I am so annoyed that my response before got lost

IMO ladams is a troll, seriously he has 1 post on the forums and sucks all you trolls into his web

IMO ladams is a government plant, don't reply to him or give up your basic preps!


----------



## Smitty901

Take a real close look at the dumpster clean off the clay.


----------



## Slippy

Montana Rancher said:


> I am so annoyed that my response before got lost
> 
> IMO ladams is a troll, seriously he has 1 post on the forums and sucks all you trolls into his web
> 
> IMO ladams is a government plant, don't reply to him or give up your basic preps!


This thread is a sad reminder of the boating accident over the Marianna Trench in the Atlantic Ocean where I lost my guns/ammo AND gold. Damn you ladams for dredging up these bad memories!


----------



## Boss Dog

SAR-1L said:


> Wouldn't that mean we are not allowed to barter or trade then? We would have to at least exchange one dollar to make it legal. That seems silly.


You are allowed to barter but, the IRS wants to know about it and says that you have to assign a value to it, count it as income and of course pay taxes on your alternate source of income. Kinda makes ya feel all warm and fuzzy don't it!?


----------



## Andygold1

Gold has historically been an excellent hedge against inflation, because its price tends to rise when the cost of living increases. Since World War II, the five years in which U.S. inflation was at its highest were 1946, 1974, 1975, 1979 and 1980 (as of 2012). During those five years, the average real return on the Dow Jones Industrial Average was -12.33%, compared to 130.4% for gold.


----------



## Andygold1

You can get smaller weights of gold my man. 1gram, 5gram ect...
I buy 2grams a month, for now.


----------



## PalmettoTree

Gold is a foolish buy if you are prepping.

It has been a poor investment since mid-2010.
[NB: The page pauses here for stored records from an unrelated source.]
Lemma lfrac_of1 : lfrac_of 1 = 1.
Proof. by []. Qed.

HB.instance Definition _ := GRing.isZmodMorphism.Build R lfrac lfrac_of lfrac_ofB.
HB.instance Definition _ :=
  GRing.isMonoidMorphism.Build R lfrac lfrac_of (lfrac_of1, lfrac_ofM).

Lemma lfrac_invl s (Ss : S s) : lfrac_inv Ss * lfrac_of s = 1.
Proof.
apply: lfrac_ext => x y h.
have [t [z [St h1 h2]]] : mul_rel (inv_rel s) (rmul_rel s) x y := h.
rewrite /inv_rel /rmul_rel in h1 h2.
by rewrite /graph /= /rmul_rel mulr1; apply: (eqv_cancell St); rewrite h1 h2.
Qed.

Lemma lfrac_invr s (Ss : S s) : lfrac_of s * lfrac_inv Ss = 1.
Proof.
apply: lfrac_ext => x y h.
have [t [z [St h1 h2]]] : mul_rel (rmul_rel s) (inv_rel s) x y := h.
rewrite /inv_rel /rmul_rel in h1 h2.
rewrite /graph /= /rmul_rel mulr1; apply: (eqv_cancell St).
by apply: (eqv_cancelr Ss); rewrite h1 h2.
Qed.

Lemma lfrac_fracE q : exists s r (Ss : S s), q = lfrac_inv Ss * lfrac_of r.
Proof.
have [t [r [St qtr]]] := fg_dom (graphP q) 1.
exists t, r, St; apply/esym/lfrac_ext => x y h.
have [t' [z [St' h1 h2]]] : mul_rel (inv_rel t) (rmul_rel r) x y := h.
rewrite /inv_rel /rmul_rel in h1 h2.
apply: (fg_cancel (graphP q) St').
apply: (fg_eqv (graphP q) (fg_mull (graphP q) z qtr) _ h2).
by rewrite mulr1 h1.
Qed.

Lemma lfrac_of_eq0 r : lfrac_of r = 0 -> torsion r.
Proof.
move=> r0; have : graph (lfrac_of r) 1 r by rewrite /graph /= /rmul_rel mul1r.
by rewrite r0 /graph /= /rmul_rel mulr0 => /(@symmetry _ eqv _); rewrite /eqv subr0.
Qed.

Lemma lfrac_nontrivial : (1 : lfrac) <> 0.
Proof. by move=> /lfrac_of_eq0; apply: torsion_notin. Qed.

Section Lift.
Variables (B : pzRingType) (f : {rmorphism R -> B}).
Hypothesis fS : inverts S f.

Lemma f_torsion z : torsion z -> f z = 0.
Proof.
move=> [t St /(la_ker fS)]; rewrite rmorphM => ftz0.
by have [y [ys _]] := fS St; rewrite -[f z]mul1r -ys -mulrA ftz0 mulr0.
Qed.

Lemma f_eqv x y : eqv x y -> f x = f y.
Proof. by move=> /f_torsion; rewrite rmorphB => /subr0_eq. Qed.

Lemma f_cancel s u v : S s -> f s * u = f s * v -> u = v.
Proof.
move=> Ss e; have [y [ys _]] := fS Ss.
by rewrite -[u]mul1r -[v]mul1r -ys -!mulrA e.
Qed.

Definition lift_spec q b := forall x y, graph q x y -> f x * b = f y.

Lemma lift_ex q : exists b, lift_spec q b.
Proof.
have [t [r [St qtr]]] := fg_dom (graphP q) 1; rewrite mulr1 in qtr.
have [y [_ ty]] := fS St.
exists (y * f r) => x z qxz.
have [c [d [Sc e]]] := eqv_Ore x St.
have e2 := fg_fun_eqv (graphP q) (fg_mull (graphP q) c qxz)
  (fg_mull (graphP q) d qtr) e.
apply: (f_cancel Sc).
by rewrite mulrA -rmorphM (f_eqv e) rmorphM -mulrA (mulrA (f t)) ty mul1r
  -rmorphM -(f_eqv e2) rmorphM.
Qed.

Definition lift q : B := proj1_sig (cid (lift_ex q)).

Lemma liftP q : lift_spec q (lift q).
Proof. exact: proj2_sig (cid (lift_ex q)). Qed.

Lemma lift_eq q t r b : S t -> graph q t r -> f t * b = f r -> lift q = b.
Proof. by move=> St qtr ftb; apply: (f_cancel St); rewrite (liftP qtr) ftb. Qed.

Lemma lift_of r : lift (lfrac_of r) = f r.
Proof.
apply: (lift_eq (t := 1) (r := r) S1); last by rewrite rmorph1 mul1r.
by rewrite /graph /= /rmul_rel mul1r.
Qed.

Lemma liftD p q : lift (p + q) = lift p + lift q.
Proof.
have [t1 [a [St1 pa]]] := fg_dom (graphP p) 1.
have [t2 [b [St2 qb]]] := fg_dom (graphP q) (t1 * 1).
have pt2a := fg_mull (graphP p) t2 pa.
apply: (lift_eq (t := t2 * (t1 * 1)) (r := t2 * a + b)).
- by apply: SM => //; apply: SM.
- exact: (add_relI (a := t2 * a) (b := b)).
- by rewrite mulrDr (liftP pt2a) (liftP qb) rmorphD.
Qed.

Lemma liftB p q : lift (p - q) = lift p - lift q.
Proof. by apply: (addIr (lift q)); rewrite -liftD !subrK. Qed.

Lemma liftM p q : lift (p * q) = lift p * lift q.
Proof.
have [t1 [z [St1 pz]]] := fg_dom (graphP p) 1.
have [t2 [w [St2 qw]]] := fg_dom (graphP q) z.
have pt2z := fg_mull (graphP p) t2 pz.
apply: (lift_eq (t := t2 * (t1 * 1)) (r := w)).
- by apply: SM => //; apply: SM.
- exact: (mul_relI pt2z qw).
- by rewrite mulrA (liftP pt2z) (liftP qw).
Qed.

Lemma lift1 : lift 1 = 1.
Proof. by rewrite -lfrac_of1 lift_of rmorph1. Qed.

HB.instance Definition _ := GRing.isZmodMorphism.Build lfrac B lift liftB.
HB.instance Definition _ := GRing.isMonoidMorphism.Build lfrac B lift (lift1, liftM).

Definition lift_rmorph : {rmorphism lfrac -> B} := lift.

End Lift.

Lemma lfrac_univ_loc : univ_loc S lfrac lfrac_of.
Proof.
split=> [s Ss | B f fS].
  by exists (lfrac_inv Ss); split; [exact: lfrac_invl | exact: lfrac_invr].
exists (lift_rmorph fS); split=> [r | g g_of q]; first exact: lift_of.
have [s [r [Ss ->]]] := lfrac_fracE q.
rewrite !rmorphM g_of /= lift_of; congr (_ * _).
have g_inv : g (lfrac_inv Ss) * f s = 1 by rewrite -g_of -rmorphM lfrac_invl rmorph1.
have lift_inv : f s * lift fS (lfrac_inv Ss) = 1.
  by rewrite -(lift_of fS) -liftM lfrac_invr lift1.
by rewrite -[LHS]mulr1 -lift_inv mulrA g_inv mul1r.
Qed.

Lemma Lpre_l_localization : left_localizable S /\ (forall r, ass S r -> torsion r).
Proof.
split; last by move=> r /(_ _ _ lfrac_univ_loc); exact: lfrac_of_eq0.
exists lfrac, lfrac_of; split; first exact: lfrac_univ_loc.
split=> [|q]; first exact: lfrac_nontrivial.
have [s [r [Ss ->]]] := lfrac_fracE q.
exists s, r, (lfrac_inv Ss).
by split=> //; split; [exact: lfrac_invl | split; [exact: lfrac_invr |]].
Qed.

End LeftOreLocalization.

Lemma Lpre_l_perfect (R : pzRingType) (S : R -> Prop) :
  mult_set S -> Lpre_l S -> perfect_left_localizable S.
Proof.
move=> mS LS; have [loc ass_tor] := Lpre_l_localization mS LS.
split=> // r; split=> [/ass_tor [t St /la_a] | /a_ass //].
exact: a_rreg St r.
Qed.

(** * Passing to the opposite ring *)

Section AntiMorphism.
Variables (A B : pzRingType) (f : A -> B).
Hypotheses (fB : {morph f : x y / x - y}) (f1 : f 1 = 1)
  (fM : forall x y, f (x * y) = f y * f x).

Let f_to_conv : A -> B^c := f.
HB.instance Definition _ := GRing.isZmodMorphism.Build A B^c f_to_conv fB.
HB.instance Definition _ :=
  GRing.isMonoidMorphism.Build A B^c f_to_conv (f1, fM).
Definition antimorph_to_conv : {rmorphism A -> B^c} := f_to_conv.

Let f_of_conv : A^c -> B := f.
HB.instance Definition _ := GRing.isZmodMorphism.Build A^c B f_of_conv fB.
HB.instance Definition _ :=
  GRing.isMonoidMorphism.Build A^c B f_of_conv (f1, fun x y => fM y x).
Definition antimorph_of_conv : {rmorphism A^c -> B} := f_of_conv.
Gold is a bad paper investment and the in and out cost too high to hold the hard stuff.


----------



## mykle200

Absolutely I know recently some states have made it legal to use gold and silver for all goods and services. Here in Utah I am sure of it, also gun shows you can barter or dicker with anyone using just about anything. I have used and seen people trade collectable coins and paper money for items.


----------



## budgetprepp-n

I buy my eggs with silver from the farmer down the road. And I'm sure I could buy all kinds of food from him with silver also


----------



## PalmettoTree

budgetprepp-n said:


> I buy my eggs with silver from the farmer down the road. And I'm sure I could buy all kinds of food from him with silver also


How much silver do you give him for a dozen eggs?


----------



## PalmettoTree

mykle200 said:


> Absolutely I know recently some states have made it legal to use gold and silver for all goods and services. Here in Utah I am sure of it, also gun shows you can barter or dicker with anyone using just about anything. I have used and seen people trade collectable coins and paper money for items.


It never has been illegal to barter with PMs. Such laws are foolish because they only fool the foolish.


----------